LANDOVER, MD - SEPTEMBER 24: Ryan Anderson #52 of the Washington Redskins locks arms with teammates as they kneel and stand in unison during the national anthem before playing against the Oakland Raiders at FedExField on September 24, 2017 in Landover, Maryland. (Photo by Patrick Smith/Getty Images)
Patrick Smith Getty Images

NFL Commissioner Roger Goodell quickly responded to Trump’s comments.

By Ellen McGirt
September 25, 2017

It appears that President Trump has managed to unite at least part of the nation.

In a red-meat ramble delivered in his signature “campaign rally” style, the president joked, cajoled, and alternately threatened his way through a speech in Alabama last Friday. The purpose of the visit was to support the now flagging candidacy of Senator Luther Strange, but a sidebar about American values – as in Strange has them – inspired this booming aside:

“Wouldn’t you love to see one of these NFL owners, when somebody disrespects our flag, to say, ‘Get that son of a bitch off the field right now. Out. He’s fired. He’s FIRED!’”

And with that, unemployed Colin Kaepernick got a second chance to make his point, this time with a little help from his friends.

NFL Commissioner Roger Goodell immediately dismissed Trump’s comments as divisive, and dozens of others followed suit. Online feeds were filled with photos and commentary about all the players – like the Tennessee Titans and the Seattle Seahawks – who took a knee or linked arms. At least two national anthem singers kneeled in protest. So did members of the WNBA, who deserve more credit than they get for their longstanding interest in racial justice. Bruce Maxwell, a rookie catcher and military brat, became the first Major League Baseball player to protest during the national anthem. His teammates on the Oakland A’s “fear what’s next,” declares CNN.

Even Stevie Wonder, closing out the Global Citizen Concert in NYC this weekend, took a knee before he performed. His gesture prompted former congressman Joe Walsh to tweet, “Stevie Wonder takes a knee for the Anthem during a concert.
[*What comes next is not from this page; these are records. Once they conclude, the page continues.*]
Lemma nth_cat_size T (x0 : T) s1 s2 n : nth x0 (s1 ++ s2) (size s1 + n) = nth x0 s2 n.
Proof. by rewrite nth_cat ltnNge leq_addr addKn. Qed.

Lemma edgeE1_col1 p i x : i < p * (p - 1) -> edgeE1 p 1 i x = (x == i %% p).
Proof.
move=> Hi; have Hp : 0 < p by case: p Hi.
rewrite /edgeE1 !expn1 Hi /=; apply/andP/eqP => [[Hx /hasP[t _ /eqP->]]|->].
  by rewrite mulnC modnMDl modn_small.
split; first by rewrite ltn_mod.
apply/hasP; exists (i %/ p); last by rewrite {1}(divn_eq i p) mulnC.
by rewrite mem_iota ltn_divLR // mulnC.
Qed.

Lemma edgeE23_col1 p a x y : a < p ->
  edgeE2 p 1 a x && edgeE3 p 1 x y =
  [&& p * a <= x < p * a + p, x < p ^ 2 & y == x - p * a].
Proof.
move=> Ha; rewrite /edgeE2 /edgeE3 expn1 Ha /=.
have -> : has (fun beta => x == p * a + beta) (iota 0 p) = (p * a <= x < p * a + p).
  apply/hasP/idP => [[b]|Hx]; first by rewrite mem_iota => Hb /eqP->; lia.
  by exists (x - p * a); [rewrite mem_iota; lia | apply/eqP; lia].
by case Hx: (p * a <= x < p * a + p); rewrite //= (divn_bounds Hx).
Qed.
(* Substituting a literal in a clean list keeps it clean or strictly decreases fitness:
   the variable of the replaced literal is no longer expressed. *)
Lemma substitute_clean_or_lt (l1 l2 : list lit) (a u : lit) :
  clean n (l1 ++ a :: l2) -> in_T n u ->
  clean n (l1 ++ u :: l2) \/ fitness k n w (l1 ++ u :: l2) < fitness k n w (l1 ++ a :: l2).
Proof.
  intros Hc Hu. pose proof (clean_remove _ _ _ _ Hc) as Hc'.
  destruct (lit_eq_dec u a) as [->|Hne]; [now left|].
  destruct (fresh_dec u (l1 ++ l2)) as [Hf|Hstale]; [left; now apply clean_insert_fresh|].
  right. pose proof Hc as [Hnd Hall].
  assert (Ha : a = (fst a, true)).
  { destruct (Hall a) as [Sa _]; [apply in_mid; auto|]. destruct a; simpl in *; now subst. }
  rewrite map_app in Hnd; simpl in Hnd. apply NoDup_remove_2 in Hnd. rewrite <- map_app in Hnd.
  apply fitness_lt_covered with (j := fst a); [exact Hc | | |].
  - intros i He. apply in_mid; right. now apply (insert_stale_expressed k n l1 l2 u).
  - rewrite <- Ha. apply in_mid; auto.
  - intros Hin. apply in_mid in Hin as [Hua|Hin]; [apply Hne; congruence|].
    apply Hnd, in_map_iff. exists (fst a, true); auto.
Qed.

End Fitness.

Lemma subst_leaves (n : nat) (t t' : tree) : subst_rel n t t' ->
  exists l1 l2 a u, leaves t = l1 ++ a :: l2 /\ leaves t' = l1 ++ u :: l2 /\ in_T n u.
Proof.
  induction 1 as [a u Hu| l l' r _ (l1&l2&a&u&E1&E2&Hu) | l r r' _ (l1&l2&a&u&E1&E2&Hu)].
  - exists [], [], a, u; simpl; auto.
  - exists l1, (l2 ++ leaves r), a, u. simpl. rewrite E1, E2, <- !app_assoc. auto.
  - exists (leaves l ++ l1), l2, a, u. simpl. rewrite E1, E2, !app_assoc. auto.
Qed.

Lemma insert_leaves (n : nat) (t t' : tree) : insert_rel n t t' ->
  exists l1 l2 u, leaves t = l1 ++ l2 /\ leaves t' = l1 ++ u :: l2 /\ in_T n u.
Proof.
  induction 1 as [u v Hu | u v Hu | l l' r _ (l1&l2&u&E1&E2&Hu) | l r r' _ (l1&l2&u&E1&E2&Hu)].
  - exists [], (leaves v), u; simpl; auto.
  - exists (leaves v), [], u; simpl; rewrite app_nil_r; auto.
  - exists l1, (l2 ++ leaves r), u. simpl. rewrite E1, E2, <- !app_assoc. auto.
  - exists (leaves l ++ l1), l2, u. simpl. rewrite E1, E2, !app_assoc. auto.
Qed.
Lemma fle_covers X Y : fle X Y <-> forall s t, In (s, t) X -> covers s t Y.
Proof.
  rewrite fle_iff; split.
  - intros h s t hin; apply covers_iff; intros w z g.
    via (m w s); [lat | apply (h w z g); auto].
  - intros h w z g s t hin; via (m s w); [lat | apply (proj1 (covers_iff s t Y) (h s t hin) w z g)].
Qed.

Lemma covers_nil s t : covers s t [] <-> ple s t.
Proof.
  rewrite covers_iff; unfold meets_below; split.
  - intros h; via (m s tp); [lat |]; via (j t bt); [apply h; intros ? ? [] | lat].
  - intros h w z _; via s; [lat | via t; auto; lat].
Qed.

Lemma covers_cons s t u v C :
  covers s t ((u, v) :: C) <-> covers s (j t u) C /\ covers (m s v) t C.
Proof.
  rewrite !covers_iff; unfold meets_below; split.
  - intros h; split.
    + intros w z g; via (j t (j u z)); [| lat].
      apply h; intros s' t' [e | hin].
      * injection e as <- <-; via u; lat.
      * via (j t' z); auto; lat.
    + intros w z g; via (m s (m v w)); [lat |].
      apply h; intros s' t' [e | hin].
      * injection e as <- <-; lat.
      * via (m w s'); [lat | auto].
  - intros [h1 h2] w z g.
    assert (gu : ple (m w u) (j v z)) by (apply g; left; auto).
    assert (gC : forall s' t', In (s', t') C -> ple (m w s') (j t' z))
      by (intros; apply g; right; auto).
    apply (@le_of_cover D) with (y := j t z) (z := u).
    + via (j (j t u) z); [apply h1; auto | lat].
    + lat.
    + apply (@le_of_cover D) with (y := v) (z := z).
      * via (m w u); lat.
      * via (m (m s v) w); [lat | apply h2; auto].
      * lat.
Qed.
(* For every $i\in\{0,1,2\}$, $\mathcal{Z}_2\equiv_{\mathrm{m}}\mathrm{Clo}(d_i)$.
   Context: On $\{0,1,2\}$, define $d_i(x,y,z)=\mathrm{min}(x,y,z)$ if $|\{x,y,z\}|\leq2$ and $d_i(x,y,z)=i$ if $|\{x,y,z\}|=3$, where $\mathrm{min}$ is the minority operation ($\mathrm{min}(x,y,y)=\mathrm{min}(y,x,y)=\mathrm{min}(y,y,x)=x$, and $\mathrm{min}(x,x,x)=x$). $\mathrm{Clo}(d_i)$ is the clone generated by $d_i$. $\mathcal{Z}_2=\mathrm{Pol}(\{0,1\};\{(x,y,z,x-y+z\bmod2)\},\{0\},\{1\})$ is the clone of idempotent affine operations modulo 2 on $\{0,1\}$. For an $n$-ary $f$ and $\sigma\colon[n]\to[r]$, $f_\sigma(x_1,\dots,x_r)=f(x_{\sigma(1)},\dots,x_{\sigma(n)})$; a minion homomorphism is an arity-preserving map $\xi$ between clones with $\xi(f_\sigma)=\xi(f)_\sigma$; $\equiv_{\mathrm{m}}$ means minion homomorphisms exist in both directions. *)

From mathcomp Require Import all_boot all_algebra.
Set Implicit Arguments. Unset Strict Implicit. Unset Printing Implicit Defensive.
Import GRing.Theory.
Local Open Scope ring_scope.

(* n-ary operations on a finite set A: functions A^n -> A, where A^n is
   represented as finite functions 'I_n -> A (so equality is extensional). *)
Definition op (A : finType) (n : nat) := {ffun {ffun 'I_n -> A} -> A}.

Definition opset (A : finType) := forall n : nat, op A n -> Prop.

Definition minor (A : finType) (n r : nat) (sigma : 'I_n -> 'I_r) (f : op A n)
  : op A r := [ffun x : {ffun 'I_r -> A} => f [ffun i => x (sigma i)]].

Definition proj (A : finType) (n : nat) (i : 'I_n) : op A n :=
  [ffun x : {ffun 'I_n -> A} => x i].

(* Clo(d): the clone generated by a ternary operation d, i.e. the smallest set
   of operations containing all projections and closed under composition with d
   (= the set of term operations of d). *)
Inductive Clo3 (A : finType) (d : op A 3) : opset A :=
| Clo3_proj n (i : 'I_n) : Clo3 d (proj A i)
| Clo3_comp n (g : 'I_3 -> op A n) :
    (forall j, Clo3 d (g j)) ->
    Clo3 d [ffun x : {ffun 'I_n -> A} => d [ffun j => g j x]].

Definition preserves (A : finType) (n k : nat) (f : op A n)
  (R : {ffun 'I_k -> A} -> Prop) : Prop :=
  forall rows : 'I_n -> {ffun 'I_k -> A},
    (forall i, R (rows i)) -> R [ffun j => f [ffun i => rows i j]].

(* Z_2 = Pol({0,1}; {(x,y,z,x-y+z mod 2)}, {0}, {1}), on {0,1} = 'Z_2 = 'I_2 *)
Definition affine_rel (t : {ffun 'I_4 -> 'Z_2}) : Prop :=
  t (inord 3) = t (inord 0) - t (inord 1) + t (inord 2).
Definition const_rel (c : 'Z_2) (t : {ffun 'I_1 -> 'Z_2}) : Prop :=
  t ord0 = c.

Definition Z2clone : opset 'Z_2 := fun n f =>
  preserves f affine_rel /\ preserves f (const_rel 0) /\ preserves f (const_rel 1).

(* d_i on {0,1,2} = 'I_3: minority if at most two distinct values, i otherwise *)
Definition d_op (i : 'I_3) : op 'I_3 3 :=
  [ffun x : {ffun 'I_3 -> 'I_3} =>
     let a := x (inord 0) in let b := x (inord 1) in let c := x (inord 2) in
     if a == b then c else if b == c then a else if a == c then b else i].

Definition minion_hom (A B : finType) (C : opset A) (D : opset B)
  (xi : forall n, op A n -> op B n) : Prop :=
  (forall n (f : op A n), C n f -> D n (xi n f)) /\
  (forall n r (sigma : 'I_n -> 'I_r) (f : op A n),
      C n f -> xi r (minor sigma f) = minor sigma (xi n f)).

Definition minion_le (A B : finType) (C : opset A) (D : opset B) : Prop :=
  exists xi : forall n, op A n -> op B n, minion_hom C D xi.

Definition minion_equiv (A B : finType) (C : opset A) (D : opset B) : Prop :=
  minion_le C D /\ minion_le D C.

(* The set {0, 1} is closed under d_i, which acts on it as the minority
   operation x + y + z (mod 2); hence restricting the term operations of d_i to
   {0, 1} is a minion homomorphism into Z_2.
   Conversely, an operation of Z_2 is a sum x_j1 + ... + x_jk over a support
   of odd size k.  We send it to the operation on {0, 1, 2} returning the
   unique value of odd multiplicity among x_j1, ..., x_jk, or i when all three
   values have odd multiplicity.  This operation is read off from the values of
   f on 0/1-vectors, so the map commutes with minors; and it is a term
   operation of d_i, since the "odd vote" on k + 2 arguments is obtained from
   odd votes on k arguments by an identity involving d_i alone. *)

From mathcomp Require Import all_boot all_algebra ring.
Set Implicit Arguments. Unset Strict Implicit. Unset Printing Implicit Defensive.
Import GRing.Theory.
Local Open Scope ring_scope.

Section TermOperations.

Variable A : finType.

Lemma preserves_proj n k (R : {ffun 'I_k -> A} -> Prop) (j : 'I_n) :
  preserves (proj A j) R.
Proof.
move=> rows Rrows; rewrite (_ : [ffun t => _] = rows j) //.
by apply/ffunP => t; rewrite !ffunE.
Qed.

Lemma preserves_comp m n k (R : {ffun 'I_k -> A} -> Prop) (d : op A m)
    (g : 'I_m -> op A n) :
  preserves d R -> (forall j, preserves (g j) R) ->
  preserves [ffun x => d [ffun j => g j x]] R.
Proof.
move=> Rd Rg rows Rrows.
have := Rd (fun j => [ffun t => g j [ffun i => rows i t]]) (fun j => Rg j _ Rrows).
congr R; apply/ffunP => t; rewrite !ffunE; congr (d _).
by apply/ffunP => j; rewrite !ffunE.
Qed.

Lemma Clo3_preserves k (R : {ffun 'I_k -> A} -> Prop) (d : op A 3) n (f : op A n) :
  preserves d R -> Clo3 d f -> preserves f R.
Proof.
move=> Rd; elim=> {n f} [n j | n g _ Rg]; first exact: preserves_proj.
exact: preserves_comp.
Qed.

Definition app3 (d : op A 3) (a b c : A) : A := d [ffun j : 'I_3 => nth a [:: a; b; c] j].

Definition comp3 (d : op A 3) n (g0 g1 g2 : op A n) : op A n :=
  [ffun x => app3 d (g0 x) (g1 x) (g2 x)].

Lemma Clo3_comp3 (d : op A 3) n (g0 g1 g2 : op A n) :
  Clo3 d g0 -> Clo3 d g1 -> Clo3 d g2 -> Clo3 d (comp3 d g0 g1 g2).
Proof.
move=> C0 C1 C2; set g := fun j : 'I_3 => nth g0 [:: g0; g1; g2] j.
rewrite (_ : comp3 _ _ _ _ = [ffun x => d [ffun j => g j x]]).
  by apply: Clo3_comp => -[[|[|[|]]]].
apply/ffunP => x; rewrite !ffunE; congr (d _); apply/ffunP => j.
by rewrite !ffunE; case: j => -[|[|[|]]].
Qed.

End TermOperations.

Section Restriction.

Variables (A B : finType) (emb : B -> A) (back : A -> B).
Hypothesis embK : cancel emb back.
Variables (d : op A 3) (m : op B 3).
Hypothesis d_emb : forall x : {ffun 'I_3 -> B}, d [ffun j => emb (x j)] = emb (m x).

Definition restrict n (f : op A n) : op B n :=
  [ffun x : {ffun 'I_n -> B} => back (f [ffun j => emb (x j)])].

Lemma restrict_minor n r (sigma : 'I_n -> 'I_r) (f : op A n) :
  restrict (minor sigma f) = minor sigma (restrict f).
Proof.
apply/ffunP => x; rewrite !ffunE; congr (back (f _)).
by apply/ffunP => j; rewrite !ffunE.
Qed.

Lemma comp_emb n (g : 'I_3 -> op A n) (x : {ffun 'I_n -> B}) :
    (forall j, g j [ffun k => emb (x k)] = emb (restrict (g j) x)) ->
  [ffun y => d [ffun j => g j y]] [ffun k => emb (x k)] =
    emb (m [ffun j => restrict (g j) x]).
Proof.
move=> g_emb; rewrite ffunE -d_emb; congr (d _).
by apply/ffunP => j; rewrite ffunE g_emb !ffunE.
Qed.

Lemma Clo3_emb_restrict n (f : op A n) (x : {ffun 'I_n -> B}) :
  Clo3 d f -> f [ffun j => emb (x j)] = emb (restrict f x).
Proof.
move=> Cf; elim: Cf x => {n f} [n j | n g _ IHg] x.
  by rewrite !ffunE embK.
by rewrite [in RHS]ffunE comp_emb // embK.
Qed.

Lemma Clo3_restrict n (f : op A n) : Clo3 d f -> Clo3 m (restrict f).
Proof.
elim=> {n f} [n j | n g Cg IHg].
  rewrite (_ : restrict _ = proj B j); first exact: Clo3_proj.
  by apply/ffunP => x; rewrite !ffunE embK.
rewrite (_ : restrict _ = [ffun x => m [ffun j => restrict (g j) x]]).
  exact: Clo3_comp.
apply/ffunP => x; rewrite [LHS]ffunE comp_emb ?embK ?ffunE //.
by move=> j; apply: Clo3_emb_restrict (Cg j).
Qed.

End Restriction.

Lemma sumr_count (R : pzSemiRingType) (I : Type) (s : seq I) (p : pred I) :
  \sum_(j <- s) (p j)%:R = (count p s)%:R :> R.
Proof.
rewrite -sum1_count natr_sum [RHS]big_mkcond.
by apply: eq_bigr => j _; case: (p j).
Qed.

Lemma Z2_cases (a : 'Z_2) : a = 0 \/ a = 1.
Proof. by case: a => -[|[|]] // ?; [left | right]; apply/val_inj. Qed.

Lemma Z2_natr_eq1 k : ((k%:R : 'Z_2) == 1) = odd k.
Proof. by rewrite -(@Zp_nat_mod 2) // modn2; case: (odd k). Qed.

Lemma sum_Z2_supportC (I : finType) (a b : I -> 'Z_2) :
  \sum_(j | a j == 1) b j = \sum_(j | b j == 1) a j.
Proof.
rewrite big_mkcond [RHS]big_mkcond; apply: eq_bigr => j _.
by case: (Z2_cases (a j)) => ->; case: (Z2_cases (b j)) => ->.
Qed.

Definition minority2 : op 'Z_2 3 :=
  [ffun x : {ffun 'I_3 -> 'Z_2} => x (inord 0) + x (inord 1) + x (inord 2)].

Lemma minority2_Z2clone : Z2clone minority2.
Proof.
split; [|split] => rows Rrows; rewrite /affine_rel /const_rel !ffunE !(Rrows _).
  by ring.
all: exact/eqP.
Qed.

Lemma Clo3_minority2_Z2clone n (f : op 'Z_2 n) : Clo3 minority2 f -> Z2clone f.
Proof.
have [Raff [R0 R1]] := minority2_Z2clone.
by move=> Cf; split; [|split]; apply: Clo3_preserves Cf.
Qed.

Section Z2cloneLinear.

Variables (n : nat) (f : op 'Z_2 n).
Hypothesis Z2f : Z2clone f.

Lemma Z2clone_affine (a b c : {ffun 'I_n -> 'Z_2}) : f (a - b + c) = f a - f b + f c.
Proof.
pose rows k := [ffun t : 'I_4 => nth 0 [:: a k; b k; c k; (a - b + c) k] t].
have col (t : nat) :
    (t < 4)%N -> [ffun k => rows k (inord t)] = nth 0 [:: a; b; c; a - b + c] t.
  move=> lt_t4; apply/ffunP => k; rewrite !ffunE inordK //.
  by case: t lt_t4 => [|[|[|[|]]]] //= _; rewrite !ffunE.
have := Z2f.1 rows; rewrite /affine_rel !ffunE !col //; apply=> k.
by rewrite !ffunE !inordK.
Qed.

Lemma Z2clone_const (c : 'Z_2) : f [ffun => c] = c.
Proof.
have Rc : preserves f (const_rel c).
  by case: (Z2_cases c) => ->; [exact: Z2f.2.1 | exact: Z2f.2.2].
by have := Rc (fun=> [ffun => c]); rewrite /const_rel !ffunE; apply.
Qed.

Lemma Z2clone0 : f 0 = 0.
Proof.
by rewrite -[RHS](Z2clone_const 0); congr (f _); apply/ffunP => k; rewrite !ffunE.
Qed.

Lemma Z2clone_add (a b : {ffun 'I_n -> 'Z_2}) : f (a + b) = f a + f b.
Proof. by have := Z2clone_affine a 0 b; rewrite subr0 Z2clone0 subr0. Qed.

Definition unit_vec (j : 'I_n) : {ffun 'I_n -> 'Z_2} := [ffun k => (k == j)%:R].

Definition Z2_support : seq 'I_n := [seq j <- enum 'I_n | f (unit_vec j) == 1].

Lemma Z2clone_sum (z : {ffun 'I_n -> 'Z_2}) : f z = \sum_(j <- Z2_support) z j.
Proof.
have z_sum : z = \sum_(j | z j == 1) unit_vec j.
  apply/ffunP => k; rewrite sum_ffunE sum_Z2_supportC (big_pred1 k) // => j.
  by rewrite ffunE Z2_natr_eq1 oddb eq_sym.
rewrite {1}z_sum (big_morph f Z2clone_add Z2clone0) sum_Z2_supportC big_filter.
by rewrite big_enum_cond.
Qed.

Lemma Z2clone_indicator (p : pred 'I_n) :
  f [ffun j => (p j)%:R] = (count p Z2_support)%:R.
Proof. by rewrite Z2clone_sum; under eq_bigr do rewrite ffunE; apply: sumr_count. Qed.

Lemma odd_size_Z2_support : odd (size Z2_support).
Proof.
rewrite -count_predT -Z2_natr_eq1 -Z2clone_indicator.
by rewrite -[X in _ == X](Z2clone_const 1).
Qed.

End Z2cloneLinear.

Local Notation o0 := (@Ordinal 3 0 isT).
Local Notation o1 := (@Ordinal 3 1 isT).
Local Notation o2 := (@Ordinal 3 2 isT).

Lemma I3_ind (P : 'I_3 -> Prop) : P o0 -> P o1 -> P o2 -> forall v, P v.
Proof. by move=> P0 P1 P2 [[|[|[|//]]] lt_v3]; rewrite (bool_irrelevance lt_v3 isT). Qed.

Definition d3 (i a b c : 'I_3) : 'I_3 :=
  if a == b then c else if b == c then a else if a == c then b else i.

Lemma app3_d_op i a b c : app3 (d_op i) a b c = d3 i a b c.
Proof. by rewrite /app3 ffunE !ffunE !inordK. Qed.

Definition Z2_to_I3 (z : 'Z_2) : 'I_3 := widen_ord (isT : (2 <= 3)%N) z.

Definition I3_to_Z2 (v : 'I_3) : 'Z_2 := inord v.

Lemma Z2_to_I3K : cancel Z2_to_I3 I3_to_Z2.
Proof. by move=> z; rewrite /I3_to_Z2 inord_val. Qed.

Lemma d_op_on_Z2 i (x : {ffun 'I_3 -> 'Z_2}) :
  d_op i [ffun j => Z2_to_I3 (x j)] = Z2_to_I3 (minority2 x).
Proof.
rewrite !ffunE; move: (x (inord 0)) (x (inord 1)) (x (inord 2)) => a b c.
by case: (Z2_cases a) => ->; case: (Z2_cases b) => ->; case: (Z2_cases c) => ->;
  apply/val_inj.
Qed.

Definition unique_odd (i : 'I_3) (p0 p1 p2 : bool) : 'I_3 :=
  if [&& p0, ~~ p1 & ~~ p2] then o0
  else if [&& ~~ p0, p1 & ~~ p2] then o1
  else if [&& ~~ p0, ~~ p1 & p2] then o2
  else i.

Definition odd_vote (i : 'I_3) (vs : seq 'I_3) : 'I_3 :=
  unique_odd i (odd (count_mem o0 vs)) (odd (count_mem o1 vs)) (odd (count_mem o2 vs)).

Lemma odd_vote1 i v : odd_vote i [:: v] = v.
Proof. by elim/I3_ind: v. Qed.

Lemma odd_vote_cons3 i a b c vs :
  odd_vote i [:: a, b, c & vs] =
  d3 i (odd_vote i (d3 i a b c :: vs)) (d3 i (d3 i a b c) (odd_vote i (c :: vs)) c)
    (d3 i a b (odd_vote i (c :: vs))).
Proof.
rewrite /odd_vote /= !oddD.
move: (odd (count _ vs)) (odd (count _ vs)) (odd (count _ vs)) => q0 q1 q2.
by case: q0; case: q1; case: q2;
  elim/I3_ind: i; elim/I3_ind: a; elim/I3_ind: b; elim/I3_ind: c.
Qed.

Section OddVoteClone.

Variable i : 'I_3.

Local Notation d := (comp3 (d_op i)).

Definition vote_op n (fs : seq (op 'I_3 n)) : op 'I_3 n :=
  [ffun x => odd_vote i [seq (g : op 'I_3 n) x | g <- fs]].

Lemma vote_op_cons3 n (f1 f2 f3 : op 'I_3 n) fs :
  vote_op [:: f1, f2, f3 & fs] =
  d (vote_op (d f1 f2 f3 :: fs)) (d (d f1 f2 f3) (vote_op (f3 :: fs)) f3)
    (d f1 f2 (vote_op (f3 :: fs))).
Proof.
by apply/ffunP => x; rewrite /comp3 !ffunE /= odd_vote_cons3 !ffunE !app3_d_op.
Qed.

Lemma Clo3_vote_op n (fs : seq (op 'I_3 n)) :
  odd (size fs) -> {in fs, forall g, Clo3 (d_op i) g} -> Clo3 (d_op i) (vote_op fs).
Proof.
have [m] := ubnP (size fs); elim: m fs => // m IH.
move=> [|f1 [|f2 [|f3 fs]]] //= lt_fs odd_fs Cfs.
  rewrite (_ : vote_op _ = f1); first by apply: Cfs; rewrite mem_head.
  by apply/ffunP => x; rewrite ffunE odd_vote1.
have Cf1 : Clo3 (d_op i) f1 by apply: Cfs; rewrite !inE eqxx.
have Cf2 : Clo3 (d_op i) f2 by apply: Cfs; rewrite !inE eqxx orbT.
have Cf3 : Clo3 (d_op i) f3 by apply: Cfs; rewrite !inE eqxx !orbT.
have Ccons g : Clo3 (d_op i) g -> Clo3 (d_op i) (vote_op (g :: fs)).
  move=> Cg; apply: IH => /=; first by rewrite ltnS in lt_fs; apply: ltnW.
    by rewrite negbK in odd_fs.
  move=> h; rewrite inE => /predU1P [-> // | fs_h].
  by apply: Cfs; rewrite !inE fs_h !orbT.
have Cd123 := Clo3_comp3 Cf1 Cf2 Cf3.
rewrite vote_op_cons3; apply: Clo3_comp3; first exact: Ccons Cd123.
  exact: Clo3_comp3 Cd123 (Ccons _ Cf3) Cf3.
exact: Clo3_comp3 Cf1 Cf2 (Ccons _ Cf3).
Qed.

End OddVoteClone.

Definition vote_lift (i : 'I_3) n (f : op 'Z_2 n) : op 'I_3 n :=
  [ffun x : {ffun 'I_n -> 'I_3} =>
     let odd_on c := f [ffun j => (x j == c)%:R] == 1 in
     unique_odd i (odd_on o0) (odd_on o1) (odd_on o2)].

Lemma vote_lift_minor i n r (sigma : 'I_n -> 'I_r) (f : op 'Z_2 n) :
  vote_lift i (minor sigma f) = minor sigma (vote_lift i f).
Proof.
apply/ffunP => x; rewrite /minor !ffunE /=; congr (unique_odd _ _ _ _);
  by rewrite !ffunE; congr (f _ == 1); apply/ffunP => j; rewrite !ffunE.
Qed.

Lemma vote_lift_Clo3 i n (f : op 'Z_2 n) : Z2clone f -> Clo3 (d_op i) (vote_lift i f).
Proof.
move=> Z2f; rewrite (_ : vote_lift i f = vote_op i [seq proj _ j | j <- Z2_support f]).
  apply: Clo3_vote_op; first by rewrite size_map odd_size_Z2_support.
  by move=> g /mapP [j _ ->]; exact: Clo3_proj.
apply/ffunP => x; rewrite !ffunE -map_comp /odd_vote.
congr (unique_odd _ _ _ _);
  by rewrite count_map (Z2clone_indicator Z2f) Z2_natr_eq1; congr odd;
  apply: eq_count => j; rewrite /= ffunE.
Qed.

Theorem lemma7p1 : forall i : 'I_3, minion_equiv Z2clone (Clo3 (d_op i)).
Proof.
move=> i; split.
  exists (@vote_lift i); split; first by move=> n f; apply: vote_lift_Clo3.
  by move=> n r sigma f _; apply: vote_lift_minor.
exists (@restrict _ _ Z2_to_I3 I3_to_Z2); split.
  by move=> n f Cf; apply/Clo3_minority2_Z2clone/(Clo3_restrict Z2_to_I3K (d_op_on_Z2 i)).
by move=> n r sigma f _; apply: restrict_minor.
Qed.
Another ungrateful black multi millionaire.”

The New Yorker’s Jelani Cobb places the negative response to these protests as part of a long continuum of disdain for black folks who dare speak out.

He begins with Louis Armstrong, who canceled an overseas goodwill tour planned by the State Department, after a high school journalist asked him what he felt about the situation at Central High School in Little Rock, Arkansas. The governor had sent National Guard troops in to prevent the now-famous Little Rock Nine from integrating the school in 1957. The question prompted “Armstrong to refer to the Arkansas governor as several varieties of ‘motherfucker,’” explains Cobb, though the invective was changed by the paper to “ignorant ploughboy,” evidently. After Armstrong canceled the tour, counter-protesters, angry at Satchmo’s “lack of patriotism,” began to boycott his U.S. performances.

“Yet the belief endures, from Armstrong’s time and before, that visible, affluent African-Americans entertainers are obliged to adopt a pose of ceaseless gratitude—appreciation for the waiver that spared them the low status of so many others of their kind,” says Cobb.

“There again is the presence of outrage for events that should shock the conscience, and the reality of people who sincerely believe, or who have at least convincingly lied to themselves, that dissenters are creating an issue where there is none.”

A writer named Angela Denker focuses on a different aspect of this difficult history. Denker describes herself as a delightful mix of things – a sportswriter, a Lutheran pastor, faith blogger and a family woman. In this powerful essay, “The Power and Threat of Kneeling,” she analyzes Kaepernick’s professional skills succinctly, while pointing out that he is a man of a very specific faith – baptized Methodist, confirmed Lutheran, and a Baptist church-goer during college. He even has Psalm 18:39 tattooed on his arm. While his protest is part of his Christian tradition, Kaepernick is not afforded the courtesy that is bestowed on, say, a Tim Tebow. “Is it possible we don’t want to see his Christian faith because Kaepernick doesn’t look like the white, all-American, handsome Texas quarterback that white America believes is all that’s great about football and America?”

This has a long history, too. In April 1960, Martin Luther King described this spiritual divide on Meet the Press. “I think it is one of the tragedies of our nation – one of the shameful tragedies that 11:00 on Sunday Morning is one of the most segregated hours… in Christian America.”

And in many ways, it still is.

And it will take more than a blustery speech to unite this divide. “This is about a deep fear of what Kaepernick has tapped into,” says Denker. “A shaking of America’s Christian roots and a question about who owns the narrative of Jesus: white Evangelical Christian culture or African American liberation movements?”